| Dr. Keith
Devlin is Executive Director of Stanford University's Center for the
Study of Language and Information and a Consulting Professor of
Mathematics at Stanford. He is a co-founder of Stanford's Media X
network—a campus-wide
research network focused on the design and use of interactive
technologies—and its Executive Director.
He is the author
of twenty-four books, one interactive book on CD-ROM and over seventy
published research articles. He is a Fellow of the American Association
for the Advancement of Science, and a World Economic Forum Fellow. He
has received numerous awards. (continues)
Devlin has a
B.Sc. degree in Mathematics from King's College London (1968) and a
Ph.D. in Mathematics from the University of Bristol (1971).
His current
research work is centered around the task of applying mathematical
techniques to issues of language and information and the design of
information systems.
He is a regular
contributor to NPR's popular magazine program Weekend Edition
(where he is known as "the Math Guy") and a frequent
contributor to various other local and national radio programs,
both in the USA and Britain, commenting on advances in mathematics
and computing.

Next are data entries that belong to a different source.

Lemma extreme_split c : tower c -> extreme c ->
  forall s, tower s -> finer s c \/ finer (f c) s.
Proof.
  intros Hc Ec s Hs. induction Hs as [|h Hh IH|F HF IH Hne].
  - left. apply base_finer_tower, Hc.
  - destruct IH as [IH|IH].
    + destruct (classic (h = c)) as [->|Hn]; [right; apply finer_refl|left; apply Ec; auto].
    + right. apply (finer_trans _ _ _ IH), f_coarser, Hh.
  - destruct (classic (forall h, F h -> finer h c)) as [Hall|Hn].
    + left. apply meet_finer, Hall.
    + apply not_all_ex_not in Hn. destruct Hn as [h Hn].
      apply imply_to_and in Hn. destruct Hn as [Fh Hn].
      destruct (IH h Fh) as [H|H]; [contradiction|].
      right. apply (finer_trans _ _ _ H), finer_meet, Fh.
Qed.

Lemma tower_extreme c : tower c -> extreme c.
Proof.
  intros Hc. induction Hc as [|c Hc IH|F HF IH Hne]; intros s Hs Hsc Hn.
  - exfalso. apply Hn, finer_antisym; [exact Hsc|apply base_finer_tower, Hs].
  - destruct (extreme_split c Hc IH s Hs) as [H|H].
    + destruct (classic (s = c)) as [->|Hn']; [apply finer_refl|].
      apply (finer_trans _ _ _ (IH s Hs H Hn')), f_coarser, Hc.
    + exfalso. apply Hn, finer_antisym; auto.
  - destruct (classic (forall h, F h -> finer h s)) as [Hall|Hno].
    + exfalso. apply Hn, finer_antisym; [exact Hsc|apply meet_finer, Hall].
    + apply not_all_ex_not in Hno. destruct Hno as [h Hno].
      apply imply_to_and in Hno. destruct Hno as [Fh Hhs].
      destruct (extreme_split h (HF h Fh) (IH h Fh) s Hs) as [H|H].
      * assert (Hsh : s <> h) by (intros ->; apply Hhs, finer_refl).
        apply (finer_trans _ _ _ (IH h Fh s Hs H Hsh)), finer_meet, Fh.
      * exfalso. apply Hhs, (finer_trans _ _ _ (f_coarser h (HF h Fh))), H.
Qed.
Lemma pull_partition_coarsens X : block_closed K X ->
  forall A, A \in K -> exists2 B, B \in label_partition (pull_label X) & A \subset B.
Proof.
move=> X_closed A AK.
have [x xA] : exists x, x \in A.
  by apply/set0Pn; apply: contraTneq AK => ->; case/and3P: K_part.
exists [set y | pull_label X y == pull_label X x]; first exact: imset_f.
rewrite -(def_pblock (partition_trivIset K_part) AK xA).
apply/subsetP => y; rewrite -same_blockE // inE.
by move/(pull_label_same_block X_closed)->.
Qed.

Lemma pull_partition_stable X : block_closed K X -> (forall u, ~~ bad_atom X u) ->
  forall u C, C \in label_partition (pull_label X) -> pblock K u \proper C ->
  weight_condition u C.
Proof.
move=> X_closed stable u C C_in prop_uC.
have [lab_part lab_block] := label_partitionP (pull_label X).
have uC : u \in C by apply: (subsetP (proper_sub prop_uC)); apply: mem_pblock_self.
have CE : C = pull_block X u.
  by rewrite -(def_pblock (partition_trivIset lab_part) C_in uC) lab_block.
rewrite CE in prop_uC *; case uX: (u \in X); last first.
  by have := stable u; rewrite /bad_atom uX prop_uC /= negbK.
suff : pull_block X u = pblock K u by move=> E; rewrite E properxx in prop_uC.
apply/setP => y; rewrite inE pull_label_eq uX -same_blockE // same_block_sym.
case yX: (y \in X) => //=.
by apply/esym/negbTE; apply: contraFN yX; apply: X_closed.
Qed.

End PullAtoms.

Section MarkedAtoms.
Variables (V : finType) (plus : rel V).
Hypothesis plus_sym : symmetric plus.
Variable Cl : {set {set V}}.
Hypothesis Cl_part : clustering Cl.

Local Notation M := (marked plus Cl).
Local Notation K := (atoms plus Cl).
Local Notation plusK := (mod_plus plus K).

Let Cl_triv : trivIset Cl. Proof. by case/and3P: Cl_part. Qed.

Lemma mem_marked C u : C \in Cl -> u \in C ->
  (u \in M) = (1 < #|C|) && (marked_ind plus C u || fully_marked plus C).
Proof.
move=> CCl uC; rewrite inE; apply/existsP/idP => [[C']|uM]; last first.
  by exists C; rewrite CCl uC /= andbT.
rewrite -!andbA => /and4P[C'Cl c1 uC' marked_u].
have <- : C' = C by rewrite -(def_pblock Cl_triv CCl uC) (def_pblock Cl_triv C'Cl uC').
by rewrite c1.
Qed.

Definition atom_of v : {set V} := if v \in M then [set v] else pblock Cl v :\: M.

Lemma mem_atom_of v : v \in atom_of v.
Proof.
by rewrite /atom_of; case: ifP => vM; rewrite ?set11 // in_setD vM mem_pblock_self.
Qed.

Lemma atom_of_eq v w : w \in atom_of v -> atom_of w = atom_of v.
Proof.
rewrite /atom_of; case: ifP => vM; first by move/set1P->; rewrite vM.
by rewrite in_setD => /andP[/negbTE-> /(same_pblock Cl_triv)->].
Qed.

Lemma atomsE : K = [set atom_of v | v in V].
Proof.
apply/setP => B; apply/idP/imsetP => [|[v _ ->]].
  rewrite in_setU in_setD1 => /orP[/imsetP[v vM ->]|/andP[B0 /imsetP[C CCl EB]]].
    by exists v; rewrite // /atom_of vM.
  have [v] := set0Pn _ B0; rewrite EB in_setD => /andP[vM vC].
  by exists v; rewrite // /atom_of (negbTE vM) (def_pblock Cl_triv CCl vC).
rewrite /atoms /atom_of in_setU in_setD1; case: ifP => vM; first by rewrite imset_f.
apply/orP; right; apply/andP; split; last exact/imset_f/pblock_in_partition.
by apply/set0Pn; exists v; rewrite in_setD vM mem_pblock_self.
Qed.

Lemma atoms_partition : partition K [set: V].
Proof. by rewrite atomsE; case: (imset_block_partition mem_atom_of atom_of_eq). Qed.

Lemma pblock_atoms v : pblock K v = atom_of v.
Proof. by rewrite atomsE; case: (imset_block_partition mem_atom_of atom_of_eq). Qed.

Lemma mod_plus_sym : symmetric plusK.
Proof.
move=> x y; rewrite /mod_plus plus_sym; congr (_ || _).
by apply/existsP/existsP => -[A /and3P[AK xA yA]]; exists A; rewrite AK xA yA.
Qed.

Lemma mod_plus_clique x y : same_block K x y -> x != y -> plusK x y.
Proof.
move=> sKxy _; apply/orP; right; apply/existsP; exists (pblock K x).
rewrite pblock_in_partition ?atoms_partition // mem_pblock_self ?atoms_partition //=.
by rewrite -same_blockE ?atoms_partition.
Qed.

Lemma mod_plus_out x z : z \notin pblock K x -> plusK x z = plus x z.
Proof.
move=> zx; rewrite /mod_plus; case: (plus x z) => //=.
apply/negbTE/existsP => -[A /and3P[AK xA zA]].
by move: zx; rewrite (def_pblock (partition_trivIset atoms_partition) AK xA) zA.
Qed.

Lemma mod_plus_differs_sub x y (C : {set V}) : same_block K x y ->
  [set z | (z \notin pblock K x) && (plusK x z != plusK y z)]
    \subset symdiff (Nplus plus x) C :|: symdiff (Nplus plus y) C.
Proof.
move=> sKxy; apply/subsetP => z; rewrite inE => /andP[zx].
have zy : z \notin pblock K y by rewrite -(eqP sKxy).
have [z_ne_x z_ne_y] : z != x /\ z != y.
  by split; [move: zx | move: zy]; apply: contraNneq => ->;
    exact: mem_pblock_self atoms_partition _.
rewrite !mod_plus_out // /symdiff !inE (negbTE z_ne_x) (negbTE z_ne_y) /=.
by case: (plus x z); case: (plus y z); case: (z \in C).
Qed.

Lemma card_marked_le C : C \in Cl -> ~~ fully_marked plus C ->
  #|C :&: M| <= #|[set u in C | marked_ind plus C u]|.
Proof.
move=> CCl not_full; apply/subset_leq_card/subsetP => u; rewrite in_setI => /andP[uC].
by rewrite (mem_marked CCl uC) (negbTE not_full) orbF inE uC => /andP[].
Qed.

Lemma atom_size_arith (c a m mi dx dy z : R) :
  (0 < c)%R -> (m + a = c)%R -> (m <= mi)%R -> (mi < beta * c / 3)%R ->
  (dx <= beta / 2 * c)%R -> (dy <= beta / 2 * c)%R -> (z <= dx + dy)%R -> (2 * z < a)%R.
Proof. by rewrite /beta => *; lra. Qed.

Lemma atoms_uniform x y : same_block K x y ->
  2 * #|[set z | (z \notin pblock K x) && (plusK x z != plusK y z)]| < #|pblock K x|.
Proof.
move=> sKxy; set Z := [set z | _]; have [yx|neq_xy] := eqVneq x y.
  rewrite (_ : Z = set0) ?cards0 ?muln0; last first.
    by apply/setP => z; rewrite !inE yx eqxx andbF.
  by apply/card_gt0P; exists x; exact: mem_pblock_self atoms_partition _.
have yx : y \in atom_of x by rewrite -pblock_atoms -same_blockE ?atoms_partition.
set C := pblock Cl x.
have CCl : C \in Cl := pblock_in_partition Cl_part x.
have xC : x \in C := mem_pblock_self Cl_part x.
have xM : x \notin M.
  by apply: contra neq_xy => xM; move: yx; rewrite /atom_of xM => /set1P->.
have atomE : pblock K x = C :\: M by rewrite pblock_atoms /atom_of (negbTE xM).
have /andP[yM yC] : (y \notin M) && (y \in C) by rewrite -in_setD -atomE pblock_atoms.
have c1 : 1 < #|C| by apply/card_gt1P; exists x, y.
move: xM yM; rewrite !(mem_marked CCl) // c1 /= !negb_or => /andP[xi not_full] /andP[yi _].
have Z_le : #|Z| <= #|symdiff (Nplus plus x) C| + #|symdiff (Nplus plus y) C|.
  exact: leq_trans (subset_leq_card (mod_plus_differs_sub C sKxy)) (leq_card_setU _ _).
have M_le := card_marked_le CCl not_full.
have CE := congr1 (fun n => n%:R : R)%R (cardsID M C).
rewrite -(ler_nat R) natrD in Z_le; rewrite -(ler_nat R) in M_le.
rewrite -(ltr_nat R) in c1; rewrite /= natrD in CE.
move: xi yi not_full; rewrite /marked_ind /fully_marked xC yC /= -!real_leNgt ?num_real //.
rewrite -real_ltNge ?num_real // => xi yi not_full.
rewrite atomE -(ltr_nat R) natrM.
by apply: (atom_size_arith _ CE M_le not_full xi yi Z_le); apply: lt_trans c1.
Qed.

End MarkedAtoms.

Local Open Scope ring_scope.

Theorem lemma9 :
  exists (c : R), 0 < c /\ exists (eps0 : R), 0 < eps0 /\
  forall (eps : R), 0 < eps -> eps < eps0 ->
  forall (V : finType) (plus : rel V), symmetric plus ->
  forall (Cl : {set {set V}}), clustering Cl ->
  (cc_cost plus Cl <= 3 * cc_opt plus)%N ->
  let K := atoms plus Cl in
  let plusK := mod_plus plus K in
  exists C1 : {set {set V}},
    [/\ clustering C1,
        (cc_cost plusK C1)%:R <= (1 + c * eps) * (cc_opt plusK)%:R,
        (forall A, A \in K -> exists2 B, B \in C1 & A \subset B) &
        (forall (u : V) (C : {set V}), C \in C1 -> pblock K u \proper C ->
           (#|C|%:R / 2 + eps * wtot plusK K u < wset plusK K u C))].
Proof.
exists 8; split; first lra.
exists (1 / 8); split; first lra.
move=> eps eps_gt0 eps_lt V plus plus_sym Cl Cl_part _ K plusK.
have K_part : partition K [set: V] := atoms_partition plus Cl_part.
have plusK_sym : symmetric plusK := mod_plus_sym plus_sym Cl.
have K_clique := mod_plus_clique (plus := plus) Cl_part.
have [Q Q_part Q_opt] := exists_optimal_clustering plusK.
have K_uniform := atoms_uniform (plus := plus) Cl_part.
have Q_coarser := optimal_no_split plusK_sym K_part K_clique K_uniform Q_opt.
have [X X_inv X_stable] := exists_pull_stable plusK_sym K_part K_clique Q_coarser (ltW eps_gt0).
have [X_closed _ _] := X_inv.
exists (label_partition (pull_label K Q X)); split.
- exact: (label_partitionP _).1.
- rewrite (cc_opt_optimal plusK_sym Q_part Q_opt).
  have := pull_cost_le K_clique Q_coarser (ltW eps_gt0) X_inv (ltW eps_lt).
  by rewrite -!cc_cost_pair_cost // -!mul2n !natrM; lra.
- by move=> A; apply: pull_partition_coarsens.
- by move=> u C; apply: pull_partition_stable.
Qed.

He writes a monthly column, "Devlin's Angle," on
the web journal MAA Online.
Most recent trade books:
* The Millennium Problems: The Seven
Greatest Unsolved Mathematical Puzzles of Our Time, published by Basic
Books in 2002
* The Math Gene: How Mathematical
Thinking Evolved and Why Numbers Are Like Gossip, published by Basic
Books in 2000
* InfoSense: Turning Information Into
Knowledge, published by W. H. Freeman in 1999
* Mathematics: The New Golden Age
(Second Edition), published by Columbia University Press in 1999
Book awards
* Life by the Numbers, the companion to
the six-part PBS television series of the same name, for which he was an
advisor, published by John Wiley in 1998, was nominated for the BABRA
Award.
* Logic and Information, published by
Cambridge University Press in 1991, won the American Association of
Publishers award as "Most Outstanding Book in Computer Science and Data
Processing of 1991".
* The Math Gene and The Language of
Mathematics won the Italian Peano Prize for 2003.